Re: ISSUE 30 @longdesc use cases

On Mon, Aug 23, 2010 at 3:58 PM, Ian Hickson <ian@hixie.ch> wrote:
> On Mon, 23 Aug 2010, Jonas Sicking wrote:
>>
>> Define "presented to user".
>
> Let me try again with different terminology:
>
> When specified on an element, hidden="" indicates that the element is not
> yet, or is no longer, relevant. User agents should not render elements
> that have the hidden attribute specified.
>
>
>> A <style> element inside a @hidden element still affects the
>> presentation of the whole page. SVG patterns, markers and <use> elements
>> that point to elements inside a @hidden element is still rendered right?
>> Form controls are still submitted, and javascript is still run, the
>> effects of this is often visible to the user.
>
> Sure. Those cases would all be abuses of hidden="", but they would indeed
> work as described (with the possible exception of the SVG stuff, I'm not
> sure how they react to display:none, which is what hidden="" maps to).
>
> The point is that hidden="" means the content is irrelevant. The hidden
> attribute must not be used to hide content that could legitimately be
> shown in another presentation.

Agree with you so far.

> Elements that are not hidden should not
> link to or refer to elements that are hidden.

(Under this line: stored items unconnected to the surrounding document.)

(* Let $a,b\in(0,1)$ and $c_1,c_2>0$ with $ac_1<1$, $ac_2<1$. For every $x,y\in\mathbb Z_{\ge0}$, with all matrix products and series understood entrywise, $$\mathbf M^{\rightarrow}_x[a]\mathbf M^{\downarrow}_y[b]=(ab)^{\min\{x,y\}}(1-ab)\sum_{z\ge\max\{0,y-x\}}\mathbf M^{\downarrow}_z[b]\mathbf M^{\rightarrow}_{x-y+z}[a],$$ $$\mathbf w^t\mathbf M^{\downarrow}_x[a]=(ac_1)^x(1-ac_1)\sum_{y\ge0}\mathbf w^t\mathbf M^{\rightarrow}_y[a],\qquad \mathbf M^{\rightarrow}_x[a]\mathbf v=(ac_2)^x(1-ac_2)\sum_{y\ge0}\mathbf M^{\downarrow}_y[a]\mathbf v.$$
   Context: For $x\in\mathbb Z_{\ge0}$ and $a\in(0,1)$, $\mathbf M^{\rightarrow}_x[a]$ and $\mathbf M^{\downarrow}_x[a]$ are the infinite matrices indexed by $\mathbb Z_{\ge0}\times\mathbb Z_{\ge0}$ with entries $\mathbf M^{\rightarrow}_x[a](n,n')=a^{2x+n-n'}\mathbf 1_{n'\ge x}\mathbf 1_{x+n-n'\ge0}$ and $\mathbf M^{\downarrow}_x[a](n,n')=\mathbf M^{\rightarrow}_x[a](n',n)=a^{2x+n'-n}\mathbf 1_{n\ge x}\mathbf 1_{x+n'-n\ge0}$. The vectors $\mathbf w,\mathbf v\in\mathbb R^{\mathbb Z_{\ge0}}$ are $\mathbf w(n)=c_1^n$, $\mathbf v(n)=c_2^n$. *)

From Stdlib Require Import Reals Arith.
From Coquelicot Require Import Coquelicot.
Open Scope R_scope.

Definition imat := nat -> nat -> R.
Definition ivec := nat -> R.

Definition Mright (x : nat) (a : R) : imat := fun n n' =>
  if andb (Nat.leb x n') (Nat.leb n' (x + n)) then a ^ (2 * x + n - n') else 0.

Definition Mdown (x : nat) (a : R) : imat := fun n n' => Mright x a n' n.

Definition geomvec (c : R) : ivec := fun n => c ^ n.

Definition mmul_terms (A B : imat) (n n' : nat) : nat -> R := fun k => A n k * B k n'.
Definition mmul (A B : imat) : imat := fun n n' => Series (mmul_terms A B n n').

Definition vmul_terms (w : ivec) (M : imat) (n' : nat) : nat -> R := fun n => w n * M n n'.
Definition vmul (w : ivec) (M : imat) : ivec := fun n' => Series (vmul_terms w M n').

Definition mvmul_terms (M : imat) (v : ivec) (n : nat) : nat -> R := fun n' => M n n' * v n'.
Definition mvmul (M : imat) (v : ivec) : ivec := fun n => Series (mvmul_terms M v n).

From Stdlib Require Import Reals Lia Lra FunctionalExtensionality.
From Coquelicot Require Import Coquelicot.
Open Scope R_scope.

(* Each entry on the left is a finite sum: the indicators in the matrices
   confine the summation index k to [0, N].  Each entry on the right is a
   geometric tail with ratio ab (resp. ac) and sums in closed form; after
   multiplication by the prefactor (ab)^min(x,y) (1-ab) (resp. (ac)^x (1-ac))
   the j-th term of the right-hand series is exactly the (N-j)-th term of the
   left-hand sum.  The third identity is the transpose of the second. *)

Lemma sum_n_finite_support (u : nat -> R) (N m : nat) :
  (forall k, (N < k)%nat -> u k = 0) -> (N <= m)%nat -> sum_n u m = sum_n u N.
Proof.
  intros Hu Hm; induction Hm as [|m Hm IH]; [reflexivity|].
  rewrite sum_Sn, IH, Hu by lia.
  apply Rplus_0_r.
Qed.

Lemma is_series_finite_support (u : nat -> R) (N : nat) :
  (forall k, (N < k)%nat -> u k = 0) -> is_series u (sum_n u N).
Proof.
  intros Hu.
  apply (filterlim_ext_loc (fun _ => sum_n u N)); [|apply filterlim_const].
  exists N; intros m Hm; symmetry; exact (sum_n_finite_support u N m Hu Hm).
Qed.

Lemma is_series_zero (u : nat -> R) : (forall k, u k = 0) -> is_series u 0.
Proof.
  intros Hu; rewrite <- (Hu 0%nat), <- sum_O.
  apply is_series_finite_support; intros k _; apply Hu.
Qed.

Lemma is_series_zero_prefix (u : nat -> R) (K : nat) (l : R) :
  (forall k, (k < K)%nat -> u k = 0) ->
  is_series (fun k => u (K + k)%nat) l -> is_series u l.
Proof.
  revert u; induction K as [|K IH]; intros u Hu Hl; [exact Hl|].
  apply (is_series_decr_n u 1); [lia|]; simpl pred.
  match goal with |- is_series _ ?l' => replace l' with l end;
    [|rewrite sum_O, Hu by lia; unfold plus, opp; simpl; ring].
  apply (IH (fun k => u (S k))); [intros k Hk; apply Hu; lia|exact Hl].
Qed.

Lemma is_series_shifted_geom (u : nat -> R) (K : nat) (C q : R) :
  Rabs q < 1 ->
  (forall k, (k < K)%nat -> u k = 0) ->
  (forall k, u (K + k)%nat = C * q ^ k) ->
  is_series u (C / (1 - q)).
Proof.
  intros Hq Hprefix Hgeom.
  apply (is_series_zero_prefix u K); [exact Hprefix|].
  apply (is_series_ext (fun k => scal C (q ^ k))); [intros k; symmetry; apply Hgeom|].
  apply (is_series_scal_l C _ (/ (1 - q))), is_series_geom, Hq.
Qed.

Lemma is_series_reverse_finite (t f : nat -> R) (N : nat) :
  (forall k, (N < k)%nat -> t k = 0) ->
  (forall j, f j = if (j <=? N)%nat then t (N - j)%nat else 0) ->
  is_series f (sum_n t N).
Proof.
  intros Ht Hf.
  assert (Hf0 : forall k, (N < k)%nat -> f k = 0).
  { intros k Hk; rewrite Hf; destruct (Nat.leb_spec k N); [lia|reflexivity]. }
  replace (sum_n t N) with (sum_n f N); [exact (is_series_finite_support f N Hf0)|].
  rewrite !sum_n_Reals, <- (sum_f_R0_skip t N).
  apply sum_eq; intros j Hj.
  rewrite Hf; destruct (Nat.leb_spec j N); [reflexivity|lia].
Qed.

Ltac case_indicators :=
  repeat match goal with |- context [Nat.leb ?p ?q] => destruct (Nat.leb_spec p q) end;
  cbn [andb].

Lemma is_series_vmul_geomvec_Mright (a c : R) (y n' : nat) :
  Rabs (a * c) < 1 ->
  is_series (vmul_terms (geomvec c) (Mright y a) n')
    (if (y <=? n')%nat then c ^ (n' - y) * a ^ y / (1 - a * c) else 0).
Proof.
  intros Hac; destruct (Nat.leb_spec y n').
  - apply (is_series_shifted_geom _ (n' - y)); [exact Hac| |].
    + intros k Hk; unfold vmul_terms, Mright; case_indicators; try lia; ring.
    + intros k; unfold vmul_terms, Mright, geomvec; case_indicators; try lia.
      replace (2 * y + (n' - y + k) - n')%nat with (y + k)%nat by lia.
      rewrite !pow_add, Rpow_mult_distr; ring.
  - apply is_series_zero; intros k.
    unfold vmul_terms, Mright; case_indicators; try lia; ring.
Qed.

Lemma pow_mult_rearrange (a b d : R) (m p q P Q : nat) :
  d <> 0 -> P = (m + p)%nat -> Q = (m + q)%nat ->
  (a * b) ^ m * d * (b ^ q * a ^ p / d) = a ^ P * b ^ Q.
Proof. intros Hd -> ->; rewrite !pow_add, Rpow_mult_distr; field; exact Hd. Qed.

Lemma vmul_geomvec_Mdown_expansion (a c : R) (x n' : nat) :
  Rabs (a * c) < 1 ->
  ex_series (vmul_terms (geomvec c) (Mdown x a) n') /\
  (forall y : nat, ex_series (vmul_terms (geomvec c) (Mright y a) n')) /\
  is_series
    (fun y : nat => (a * c) ^ x * (1 - a * c) * vmul (geomvec c) (Mright y a) n')
    (vmul (geomvec c) (Mdown x a) n').
Proof.
  intros Hac.
  set (t := vmul_terms (geomvec c) (Mdown x a) n').
  assert (Ht_support : forall k, (x + n' < k)%nat -> t k = 0).
  { intros k Hk; unfold t, vmul_terms, Mdown, Mright; case_indicators; try lia; ring. }
  pose proof (is_series_finite_support t _ Ht_support) as Ht.
  assert (Hac1 : 1 - a * c <> 0) by (apply Rabs_lt_between in Hac; lra).
  split; [eexists; exact Ht|].
  split; [intros y; eexists; apply is_series_vmul_geomvec_Mright, Hac|].
  unfold vmul at 2; fold t; rewrite (is_series_unique _ _ Ht).
  apply is_series_reverse_finite; [exact Ht_support|].
  intros y; unfold vmul.
  rewrite (is_series_unique _ _ (is_series_vmul_geomvec_Mright a c y n' Hac)).
  unfold t, vmul_terms, Mdown, Mright, geomvec; case_indicators; try lia; try ring.
  rewrite (Rmult_comm (c ^ (x + n' - y))); apply pow_mult_rearrange; [exact Hac1|lia|lia].
Qed.

Lemma is_series_mmul_Mdown_Mright (a b : R) (z w n n' : nat) :
  Rabs (a * b) < 1 ->
  is_series (mmul_terms (Mdown z b) (Mright w a) n n')
    (if andb (z <=? n)%nat (w <=? n')%nat then
       b ^ (2 * z + Nat.max (n - z) (n' - w) - n)
       * a ^ (2 * w + Nat.max (n - z) (n' - w) - n') / (1 - a * b)
     else 0).
Proof.
  intros Hab; set (K := Nat.max (n - z) (n' - w)).
  destruct (Nat.leb_spec z n), (Nat.leb_spec w n'); cbn [andb];
    try (apply is_series_zero; intros k;
         unfold mmul_terms, Mdown, Mright; case_indicators; try lia; ring).
  apply (is_series_shifted_geom _ K); [exact Hab| |].
  - intros k Hk; unfold mmul_terms, Mdown, Mright; case_indicators; try lia; ring.
  - intros k; unfold mmul_terms, Mdown, Mright; case_indicators; try lia.
    replace (2 * z + (K + k) - n)%nat with ((2 * z + K - n) + k)%nat by lia.
    replace (2 * w + (K + k) - n')%nat with ((2 * w + K - n') + k)%nat by lia.
    rewrite !pow_add, Rpow_mult_distr; ring.
Qed.

Lemma mmul_Mright_Mdown_expansion (a b : R) (x y n n' : nat) :
  Rabs (a * b) < 1 ->
  ex_series (mmul_terms (Mright x a) (Mdown y b) n n') /\
  (forall z : nat,
     ex_series (mmul_terms (Mdown z b) (Mright (x + z - y) a) n n')) /\
  is_series
    (fun j : nat =>
       let z := ((y - x) + j)%nat in
       (a * b) ^ (Nat.min x y) * (1 - a * b)
       * mmul (Mdown z b) (Mright (x + z - y) a) n n')
    (mmul (Mright x a) (Mdown y b) n n').
Proof.
  intros Hab.
  set (t := mmul_terms (Mright x a) (Mdown y b) n n').
  set (N := Nat.min (x + n) (y + n')).
  assert (Ht_support : forall k, (N < k)%nat -> t k = 0).
  { intros k Hk; unfold t, mmul_terms, Mdown, Mright; case_indicators; try lia; ring. }
  pose proof (is_series_finite_support t _ Ht_support) as Ht.
  assert (Hab1 : 1 - a * b <> 0) by (apply Rabs_lt_between in Hab; lra).
  split; [eexists; exact Ht|].
  split; [intros z; eexists; apply is_series_mmul_Mdown_Mright, Hab|].
  unfold mmul at 2; fold t; rewrite (is_series_unique _ _ Ht).
  apply is_series_reverse_finite; [exact Ht_support|].
  intros j; cbv zeta; unfold mmul.
  rewrite (is_series_unique _ _ (is_series_mmul_Mdown_Mright _ _ _ _ _ _ Hab)).
  unfold t, N, mmul_terms, Mdown, Mright; case_indicators; try lia; try ring.
  apply pow_mult_rearrange; [exact Hab1|lia|lia].
Qed.

Definition mtr (M : imat) : imat := fun n n' => M n' n.

Lemma mvmul_terms_mtr (M : imat) (v : ivec) (n : nat) :
  mvmul_terms M v n = vmul_terms v (mtr M) n.
Proof. apply functional_extensionality; intros k; apply Rmult_comm. Qed.

Lemma mvmul_mtr (M : imat) (v : ivec) (n : nat) :
  mvmul M v n = vmul v (mtr M) n.
Proof. unfold mvmul, vmul; rewrite mvmul_terms_mtr; reflexivity. Qed.

Lemma mvmul_Mright_geomvec_expansion (a c : R) (x n : nat) :
  Rabs (a * c) < 1 ->
  ex_series (mvmul_terms (Mright x a) (geomvec c) n) /\
  (forall y : nat, ex_series (mvmul_terms (Mdown y a) (geomvec c) n)) /\
  is_series
    (fun y : nat => (a * c) ^ x * (1 - a * c) * mvmul (Mdown y a) (geomvec c) n)
    (mvmul (Mright x a) (geomvec c) n).
Proof.
  intros Hac.
  destruct (vmul_geomvec_Mdown_expansion a c x n Hac) as (Hex & Hex_y & Hser).
  split; [rewrite mvmul_terms_mtr; exact Hex|].
  split; [intros y; rewrite mvmul_terms_mtr; exact (Hex_y y)|].
  rewrite mvmul_mtr; eapply is_series_ext; [|exact Hser].
  intros y; rewrite mvmul_mtr; reflexivity.
Qed.

Theorem proposition2p21 (a b c1 c2 : R)
  (ha : 0 < a < 1) (hb : 0 < b < 1) (hc1 : 0 < c1) (hc2 : 0 < c2)
  (hac1 : a * c1 < 1) (hac2 : a * c2 < 1) :
  (* first identity; z ranges over z >= max(0, y-x), written z = (y - x)%nat + j *)
  (forall (x y n n' : nat),
     ex_series (mmul_terms (Mright x a) (Mdown y b) n n') /\
     (forall z : nat,
        ex_series (mmul_terms (Mdown z b) (Mright (x + z - y) a) n n')) /\
     is_series
       (fun j : nat =>
          let z := ((y - x) + j)%nat in
          (a * b) ^ (Nat.min x y) * (1 - a * b)
          * mmul (Mdown z b) (Mright (x + z - y) a) n n')
       (mmul (Mright x a) (Mdown y b) n n')) /\
  (* second identity *)
  (forall (x n' : nat),
     ex_series (vmul_terms (geomvec c1) (Mdown x a) n') /\
     (forall y : nat, ex_series (vmul_terms (geomvec c1) (Mright y a) n')) /\
     is_series
       (fun y : nat => (a * c1) ^ x * (1 - a * c1) * vmul (geomvec c1) (Mright y a) n')
       (vmul (geomvec c1) (Mdown x a) n')) /\
  (* third identity *)
  (forall (x n : nat),
     ex_series (mvmul_terms (Mright x a) (geomvec c2) n) /\
     (forall y : nat, ex_series (mvmul_terms (Mdown y a) (geomvec c2) n)) /\
     is_series
       (fun y : nat => (a * c2) ^ x * (1 - a * c2) * mvmul (Mdown y a) (geomvec c2) n)
       (mvmul (Mright x a) (geomvec c2) n)).
Proof.
  assert (Hab : Rabs (a * b) < 1).
  { rewrite Rabs_pos_eq by (apply Rmult_le_pos; lra).
    apply Rle_lt_trans with (1 * b); [apply Rmult_le_compat_r|]; lra. }
  assert (Hac : forall c, 0 < c -> a * c < 1 -> Rabs (a * c) < 1).
  { intros c Hc Hlt; rewrite Rabs_pos_eq by (apply Rmult_le_pos; lra); exact Hlt. }
  split; [|split].
  - intros x y n n'; exact (mmul_Mright_Mdown_expansion a b x y n n' Hab).
  - intros x n'; exact (vmul_geomvec_Mdown_expansion a c1 x n' (Hac c1 hc1 hac1)).
  - intros x n; exact (mvmul_Mright_geomvec_expansion a c2 x n (Hac c2 hc2 hac2)).
Qed.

This, however I don't agree with. Why should this not be permitted?
What problem is solved by forbidding this?

> hidden="" is very definitely _not_ a media-specific "hide from the screen
> users but show it to the AT tool users" feature. It's entire purpose is in
> fact to provide a semantic way to hide things from AT users, so that
> people writing dynamic applications can write accessible apps and do not
> have to rely on CSS to get the irrelevant parts of their app hidden.

Note that my example has nothing media-specific in it. AT tool users
also do not see the content when it's read by a screen reader when the
reader is reading the normal flow of the page.